Phil looked down at his feet and began rubbing the toes of his dark leather dress shoes together, hoping to spark a bit of sympathy from his inquisitor.

“Obviously,” the man responded. “Otherwise, you would have no use for a loan, now would you?”

“I thought you didn’t want to waste time?”

“I don’t.”

“Then will you PLEASE just tell me if and how I can get my life back?”

“You mean the life you cut short?”


The man smirked and leaned back in his chair, settling in for further interrogation.

“Tell me something, Mr. Warner, what makes you a safe investment?”

“I’ve seen the light.”

The man threw his head back in laughter while clasping his hands.

“Everyone sees the light when they die, Mr.

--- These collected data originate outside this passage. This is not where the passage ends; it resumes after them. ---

(* Multiplying the identity by [(x0 + x2)^d] keeps it true. *)
Lemma weak_assoc_ofD u v w l d :
  weak_assoc_of u v w l -> weak_assoc_of u v w (l + d).
Proof.
move=> hl; elim: d => [|d IH]; first by rewrite addn0.
move=> a b K0 hK0; rewrite addnS assocLE assocRE !sum_binomialS.
rewrite -!assocLE -!assocRE IH; last by move=> n hn; apply: hK0; lia.
by rewrite IH.
Qed.

Lemma assocR_head u v w L p r :
  assocR vop u v w L (- p - 1) (L%:Z - 1 - r) = vop (vop u v p) w r +
  \sum_(0 <= j < L) 'C(L, j.+1)%:R *: vop (vop u v (p + j.+1%:Z)) w (r - j.+1%:Z).
Proof.
rewrite assocRE big_nat_recl // bin0 scale1r /coef_assoc.
congr (vop (vop _ _ _) _ _ + _); try lia.
by apply: eq_bigr => j _; congr (_ *: vop (vop _ _ _) _ _); lia.
Qed.

(* Weak associativity expresses [(u_p v)_r w] through products [(u_p' v)_r' w]
   with [p' > p]; these vanish once [p'] exceeds the truncation order of [Y(u,x)v]. *)
Lemma vop_vop_recursion u v w L p r K0 :
  weak_assoc_of u v w L ->
  (forall n : int, K0%:Z - (L%:Z - 1 - r) - 1 <= n -> vop v w n = 0) ->
  vop (vop u v p) w r = assocL vop u v w L (- p - 1) (L%:Z - 1 - r) K0 -
    \sum_(0 <= j < L) 'C(L, j.+1)%:R *: vop (vop u v (p + j.+1%:Z)) w (r - j.+1%:Z).
Proof. by move=> hL hK0; rewrite (hL _ _ _ hK0) assocR_head addrK. Qed.

End WeakAssociativity.

Lemma vop0l (K : fieldType) (V : lmodType K) (S : nlva V) w n : vop S 0 w n = 0.
Proof. exact: (linear_fun0 (vop_linl S w n)). Qed.
(* Let $R_1$ and $R_2$ be rings, let $S$ be a subring of $R_2$, and let $F: R_1 \to 2^{R_2}$ be a powerful set-valued homomorphism such that $F(0_{R_1}) \subseteq S$, where $0_{R_1}$ is the zero element of $R_1$. Then the set $\underline{F}(S) = \{x \in R_1 : F(x) \subseteq S\}$ is a subring of $R_1$.
   Context: For a ring $R$, $2^{R}$ denotes the set of subsets of $R$. For $A, B \subseteq R$ write $A + B = \{a+b : a \in A, b \in B\}$, $AB = \{ab : a \in A, b \in B\}$ and $-A = \{-a : a \in A\}$. A powerful set-valued homomorphism from a ring $R_1$ to $2^{R_2}$ is a map $F: R_1 \to 2^{R_2}$ such that for all $x, y \in R_1$: $F(x+y) = F(x) + F(y)$, $F(xy) = F(x)F(y)$, and $F(-x) = -F(x)$. A subring means a nonempty subset closed under addition, multiplication and additive inverses. *)

From HB Require Import structures.
From mathcomp Require Import all_boot all_algebra.
Set Implicit Arguments. Unset Strict Implicit. Unset Printing Implicit Defensive.
Import GRing.Theory.
Local Open Scope ring_scope.

(* Subsets of a type are predicates T -> Prop; 2^R is R -> Prop. *)
Definition set_add (R : pzRingType) (A B : R -> Prop) : R -> Prop :=
  fun z => exists a b, A a /\ B b /\ z = a + b.
Definition set_mul (R : pzRingType) (A B : R -> Prop) : R -> Prop :=
  fun z => exists a b, A a /\ B b /\ z = a * b.
Definition set_opp (R : pzRingType) (A : R -> Prop) : R -> Prop :=
  fun z => exists a, A a /\ z = - a.

Definition powerful_svhom (R1 R2 : pzRingType) (F : R1 -> R2 -> Prop) : Prop :=
  forall x y : R1,
    F (x + y) = set_add (F x) (F y) /\
    F (x * y) = set_mul (F x) (F y) /\
    F (- x) = set_opp (F x).

(* Subring: nonempty, closed under +, *, additive inverse (no 1 required). *)
Definition is_subring (R : pzRingType) (S : R -> Prop) : Prop :=
  (exists x, S x) /\
  (forall x y, S x -> S y -> S (x + y)) /\
  (forall x y, S x -> S y -> S (x * y)) /\
  (forall x, S x -> S (- x)).

Definition subset_of (T : Type) (A B : T -> Prop) : Prop := forall x, A x -> B x.

Definition lower_image (R1 R2 : pzRingType) (F : R1 -> R2 -> Prop) (S : R2 -> Prop)
  : R1 -> Prop := fun x => subset_of (F x) S.

From mathcomp Require Import all_boot all_algebra.
Local Open Scope ring_scope.

Section LowerImage.

Variables (R1 R2 : pzRingType) (F : R1 -> R2 -> Prop) (S : R2 -> Prop).

Lemma lower_imageD :
  (forall x y, F (x + y) = set_add (F x) (F y)) ->
  (forall a b, S a -> S b -> S (a + b)) ->
  forall x y, lower_image F S x -> lower_image F S y -> lower_image F S (x + y).
Proof.
move=> FD SD x y Fx_S Fy_S z; rewrite FD => -[a [b [Fa [Fb ->]]]].
exact: SD (Fx_S a Fa) (Fy_S b Fb).
Qed.

Lemma lower_imageM :
  (forall x y, F (x * y) = set_mul (F x) (F y)) ->
  (forall a b, S a -> S b -> S (a * b)) ->
  forall x y, lower_image F S x -> lower_image F S y -> lower_image F S (x * y).
Proof.
move=> FM SM x y Fx_S Fy_S z; rewrite FM => -[a [b [Fa [Fb ->]]]].
exact: SM (Fx_S a Fa) (Fy_S b Fb).
Qed.

Lemma lower_imageN :
  (forall x, F (- x) = set_opp (F x)) ->
  (forall a, S a -> S (- a)) ->
  forall x, lower_image F S x -> lower_image F S (- x).
Proof.
move=> FN SN x Fx_S z; rewrite FN => -[a [Fa ->]].
exact: SN (Fx_S a Fa).
Qed.

End LowerImage.

Theorem theorem4p1 (R1 R2 : pzRingType) (S : R2 -> Prop) (F : R1 -> R2 -> Prop) :
  is_subring S -> powerful_svhom F -> subset_of (F 0) S ->
  is_subring (lower_image F S).
Proof.
move=> [_ [SD [SM SN]]] hF F0_S.
have FD x y := (hF x y).1.
have FM x y := (hF x y).2.1.
have FN x := (hF x x).2.2.
split; first by exists 0.
split; first exact: lower_imageD.
split; first exact: lower_imageM.
exact: lower_imageN.
Qed.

Warner.”

“Well, it changed my perspective on things.”

“Death tends to do that to people.”

“What do you want me to say?”

Phil’s tone prompted the man to assume a more serious posture.

“I want you to say something that makes me believe you’ll break the pattern you’ve been repeating your entire life.”

“What do you mean my entire life? This is the one, and if you’re generous enough to give me a second chance, the ONLY time I ever have or will try to kill myself.”

“Killed yourself.”


The man gave Phil a moment to calm down before continuing his assessment.

“Do you know what suicide is, Mr. Warner?”

“Probably not in the way you’re thinking.”

“Suicide is quitting, Mr. Warner. Have you ever quit before?”

“Of course! Everybody quits from time to time.”

“And do you see anything wrong with that?”

“No! Well, I mean, it depends?”

“On what, Mr. Warner?”

“On what you lose.”

“What did you lose by quitting life, Mr. Warner?”


“What’s ‘everything,’ Mr. Warner?”

“Well, I have a daughter.”

“And what will you miss about her the most?”

“I don’t know yet.”

“You don’t know yet?”

“To be honest, I haven’t really been Father of the Year. I want to change that.”

“Admirable. What else?”

“I’d like to be a better husband.”

“To which wife?”

“The most recent one, obviously. Or maybe a new one? I don’t know. I just know I’d be a better husband this time around.”

“Okay. What else?”

“Does there NEED to be something else?”

“If you want more time, yeah, there kind of does.”


The man propped his elbows up on the desk and stared Phil dead in the eyes.

“Because, Mr. Warner, so far you’ve given me nothing but two massive regrets and some lofty aspirations.”

“Of course I have regrets. Doesn’t everybody?”

“Yes, Mr. Warner, everybody has regrets, but you’re lacking results.”

“I don’t understand.”

“What are you proud of, Mr. Warner? What would you CONTINUE doing with your life If I grant you this loan?”

The question swept in like a drone strike on Phil’s stockpile of rebuttals. The man could see Phil’s eyelids quiver like a final death rattle.

“Nothing,” Phil responded in his calmest tone since entering the office. “I wouldn’t want anything in my life to stay the same.”

“Then what do you really want, Mr. Warner?”

Phil laughed, finally realizing what he’s been wanting all along.

“I guess I want a new life.”

“Well, Mr. Warner, I’m afraid there’s nothing I can do about that. The best I can do is send you back to the life you no longer want, but I think we both know how that will end, don’t we?”

Phil responded with a single nod.

“So, what do I do now?” Phil asked.

“You walk out that door and enter the Great Unknown,” the man responded, pointing to Phil’s final exit.

“Will it be better than my not-so-great known?”

“You’ll see.”

Phil could tell his time had officially run out. He stood up from the chair, gave the man a hesitant wave and turned towards the door. The wall facing him was void of any pictures, color or clocks. There was only nothingness, and Phil was fine with that.